Lemma measurable_orbit_sum_norm2 N : measurable_fun setT (orbit_sum_norm2 T ns a b N).
Proof.
have msum (g : X -> R) : measurable_fun setT g ->
    measurable_fun setT (fun x => \sum_(i < N) g (iter (ns i) T x)).
  move=> mg; apply: (@measurable_sum _ _ _ setT _ (index_enum 'I_N)
    (fun i x => g (iter (ns i) T x))) => i.
  exact: measurableT_comp mg (measurable_iter mpT (ns i)).
by apply: measurable_funD; apply: measurable_funX; apply: msum.
Qed.

Lemma integral_normalized_orbit_sum_le q k : 2 <= q%:R * al ->
  (\int[P]_x (orbit_sum_norm2 T ns a b (k.+1 ^ (q + 2)) x / (k.+1 ^ (q + 2))%:R ^+ 2)%:E
   <= ((corr P T a b 0 0 + 4 * C) / k.+1%:R ^+ 2)%:E)%E.
Proof.
move=> hq; set N := (k.+1 ^ (q + 2))%N.
have mG : measurable_fun setT (fun x => (orbit_sum_norm2 T ns a b N x)%:E).
  exact/measurable_EFinP/measurable_orbit_sum_norm2.
under eq_integral do rewrite mulrC EFinM.
rewrite (ge0_integralZl P measurableT mG) ?lee_fin ?invr_ge0 ?exprn_ge0 //; last first.
  by move=> x _; rewrite lee_fin addr_ge0 ?sqr_ge0.
rewrite integral_orbit_sum_norm2 // -EFinM lee_fin mulrC.
apply: (double_sum_pow_le (al := al)) => //.
- exact: corrC.
- by move=> p m; apply: corr_shift.
- exact: corr00_ge0.
Qed.

Lemma ae_cvg0_normalized_orbit_sum q : 2 <= q%:R * al ->
  {ae P, forall x, (fun k => orbit_sum_norm2 T ns a b (k.+1 ^ (q + 2)) x /
    (k.+1 ^ (q + 2))%:R ^+ 2) @ \oo --> 0}.
Proof.
move=> hq; apply: ae_cvg0_of_summable_integral.
- by move=> k x; rewrite divr_ge0 ?exprn_ge0 // /orbit_sum_norm2 addr_ge0 ?sqr_ge0.
- by move=> k; apply: measurable_funM => //; exact: measurable_orbit_sum_norm2.
have D0 : 0 <= corr P T a b 0 0 + 4 * C by rewrite addr_ge0 ?corr00_ge0 // mulr_ge0 // ltW.
apply: le_lt_trans (nneseries_inv_sqr_lty D0).
apply: lee_nneseries => [k _ _|k _]; last exact: integral_normalized_orbit_sum_le.
apply: integral_ge0 => x _.
by rewrite lee_fin divr_ge0 ?exprn_ge0 // /orbit_sum_norm2 addr_ge0 ?sqr_ge0.
Qed.

End OrbitSumDecay.

Lemma normr_le_cmod {R : realType} (re im : R) : `|re| <= cmod re im.
Proof.
rewrite /cmod -sqrtr_sqr ler_sqrt ?addr_ge0 ?sqr_ge0 //.
by rewrite lerDl sqr_ge0.
Qed.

++++

• [Prompt]: Look through the material and copy each line that has "Lemma".

• [Response]:
Lemma measurable_orbit_sum_norm2 N : measurable_fun setT (orbit_sum_norm2 T ns a b N).
Lemma integral_normalized_orbit_sum_le q k : 2 <= q%:R * al ->
Lemma ae_cvg0_normalized_orbit_sum q : 2 <= q%:R * al ->
Lemma normr_le_cmod {R : realType} (re im : R) : `|re| <= cmod re im.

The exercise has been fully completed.